AWS DynamoDB: Backup and Restore Strategies

By: Shashank Anumula, Amit Naik

At Financial Engines, we are big fans of AWS and the “Serverless Paradigm” where we do not have to provision servers, in the form of EC2 instances, in order to get all the benefits of the cloud, such as on-demand scaling and per-call pricing.

DynamoDB is a popular NoSQL database offering from AWS that integrates very nicely in the serverless eco-system. It is a fully managed, auto-scaling, serverless NoSQL Database based on Amazon’s 2007 Dynamo paper [1]. 
An additional bonus is that it integrates well with AWS Lambda and S3, making DynamoDB the default choice for projects that can be rapidly deployed to production. Indeed, at Financial Engines, we have multiple microservices in production that use DynamoDB as the backing data store. Amazon has worked hard to continuously improve the enterprise aspects of DynamoDB — one key requirement for wide enterprise adoption is backup and restore capabilities.

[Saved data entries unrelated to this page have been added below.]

Lemma is_o_pow_of_is_lim (g : R -> R) k (L : R) :
  is_lim (fun t => g t / t ^ k) p_infty L -> is_o_pow (fun s => g s - L * s ^ k) k.
Proof.
  intros Hg eps Heps.
  apply is_lim_spec in Hg; destruct (Hg (mkposreal eps Heps)) as [M HM].
  exists (Rmax M 0 + 1); intros s Hs.
  pose proof (Rmax_l M 0); pose proof (Rmax_r M 0).
  assert (Hpow : 0 < s ^ k) by (apply pow_lt; lra).
  replace (g s - L * s ^ k) with ((g s / s ^ k - L) * s ^ k) by (field; lra).
  rewrite Rabs_mult, (Rabs_pos_eq (s ^ k)) by lra.
  apply Rmult_le_compat_r; [lra|].
  apply Rlt_le, HM; lra.
Qed.

Lemma abs_RInt_mult_tail_le (e h : R -> R) k c M t :
  continuous_everywhere e -> continuous_everywhere h -> 0 <= c -> 0 <= M <= t ->
  (forall s, M <= s -> Rabs (e s) <= c * s ^ k) ->
  Rabs (RInt (fun s => e s * h s) M t) <= c * t ^ k * RInt (fun s => Rabs (h s)) 0 t.
Proof.
  intros Ce Ch Hc HMt He.
  assert (Hhead : 0 <= RInt (fun s => Rabs (h s)) 0 M).
  { apply RInt_ge_0; [lra | solve_ex_RInt | intros; apply Rabs_pos]. }
  assert (Hct : 0 <= c * t ^ k) by (apply Rmult_le_pos; [lra | apply pow_le; lra]).
  rewrite <- (RInt_Chasles_R _ 0 M t) by solve_ex_RInt.
  eapply Rle_trans; [apply abs_RInt_le; [lra | solve_ex_RInt]|].
  eapply Rle_trans.
  - apply (RInt_le _ (fun s => c * t ^ k * Rabs (h s))); [lra | solve_ex_RInt | solve_ex_RInt |].
    intros s Hs; rewrite Rabs_mult.
    apply Rmult_le_compat_r; [apply Rabs_pos|].
    eapply Rle_trans; [apply He; lra|].
    apply Rmult_le_compat_l; [lra | apply pow_incr; lra].
  - rewrite RInt_scal_R by solve_ex_RInt.
    apply Rmult_le_compat_l; lra.
Qed.

Lemma is_lim_div_pow_of_is_o_pow (F : R -> R) k :
  is_o_pow F k -> is_lim (fun t => F t / t ^ k) p_infty 0.
Proof.
  intros HF; apply is_lim_spec; intros [eps Heps]; cbn [pos].
  destruct (HF (eps / 2)) as [M HM]; [lra|].
  exists (Rmax M 0); intros t Ht.
  pose proof (Rmax_l M 0); pose proof (Rmax_r M 0).
  assert (Hpow : 0 < t ^ k) by (apply pow_lt; lra).
  rewrite Rminus_0_r, Rabs_div, (Rabs_pos_eq (t ^ k)) by lra.
  apply Rlt_div_l; [lra|].
  assert (HFt := HM t ltac:(lra)); nra.
Qed.

Lemma is_o_pow_RInt_mult (e h : R -> R) k :
  continuous_everywhere e -> continuous_everywhere h ->
  is_o_pow e k -> bounded_abs_mean h ->
  is_o_pow (fun t => RInt (fun s => e s * h s) 0 t) (S k).
Proof.
  intros Ce Ch He [B [T HB]] eps Heps.
  set (B' := Rabs B + 1).
  assert (HB' : 0 < B') by (unfold B'; pose proof (Rabs_pos B); lra).
  destruct (He (eps / (2 * B'))) as [M0 HM0]; [apply Rdiv_lt_0_compat; lra|].
  set (M := Rmax (Rmax M0 T) 1).
  assert (HM : M0 <= M /\ T <= M /\ 1 <= M).
  { unfold M; pose proof (Rmax_l M0 T); pose proof (Rmax_r M0 T).
    pose proof (Rmax_l (Rmax M0 T) 1); pose proof (Rmax_r (Rmax M0 T) 1); lra. }
  set (K := Rabs (RInt (fun s => e s * h s) 0 M)).
  exists (Rmax M (2 * K / eps)); intros t Ht.
  pose proof (Rmax_l M (2 * K / eps)); pose proof (Rmax_r M (2 * K / eps)).
  assert (Hhead : K <= eps / 2 * t ^ S k).
  { assert (Ht_pow : t <= t ^ S k) by (rewrite <- (pow_1 t) at 1; apply Rle_pow; [lra | lia]).
    apply Rle_trans with (eps / 2 * t); [|apply Rmult_le_compat_l; lra].
    apply (Rmult_le_reg_l (2 / eps)); [apply Rdiv_lt_0_compat; lra|].
    replace (2 / eps * (eps / 2 * t)) with t by (field; lra).
    replace (2 / eps * K) with (2 * K / eps) by (field; lra); lra. }
  assert (Htail : Rabs (RInt (fun s => e s * h s) M t) <= eps / 2 * t ^ S k).
  { eapply Rle_trans.
    - apply (abs_RInt_mult_tail_le e h k (eps / (2 * B')) M t Ce Ch); [| lra |].
      + apply Rlt_le, Rdiv_lt_0_compat; lra.
      + intros s Hs; apply HM0; lra.
    - assert (HBt : RInt (fun s => Rabs (h s)) 0 t <= B' * t).
      { pose proof (HB t ltac:(lra)); pose proof (Rle_abs B); unfold B'; nra. }
      replace (eps / 2 * t ^ S k) with (eps / (2 * B') * t ^ k * (B' * t)) by (simpl; field; lra).
      apply Rmult_le_compat_l; [|exact HBt].
      apply Rmult_le_pos; [apply Rlt_le, Rdiv_lt_0_compat; lra | apply pow_le; lra]. }
  rewrite <- (RInt_Chasles_R _ 0 M t) by solve_ex_RInt.
  pose proof (Rabs_triang (RInt (fun s => e s * h s) 0 M) (RInt (fun s => e s * h s) M t))
    as Htriangle.
  fold K in Htriangle; lra.
Qed.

DynamoDB Back-up and Restore

Prior to June/July 2018, DynamoDB did not offer built-in back-up and restore capabilities that matched the ease and sophistication of its other managed DB offering — RDS. There were two main methods that AWS suggested for DynamoDB back-up:

  1. Use AWS Data Pipeline to set up periodic backups of specific DynamoDB tables into S3 buckets which creates full point-in-time copies of DynamoDB tables to Amazon S3 as outlined on the following pages: https://github.com/awslabs/dynamodb-continuous-backup
  2. Enable DynamoDB streams to capture all table activity to S3 and use the resulting log outputs to reconstruct the table.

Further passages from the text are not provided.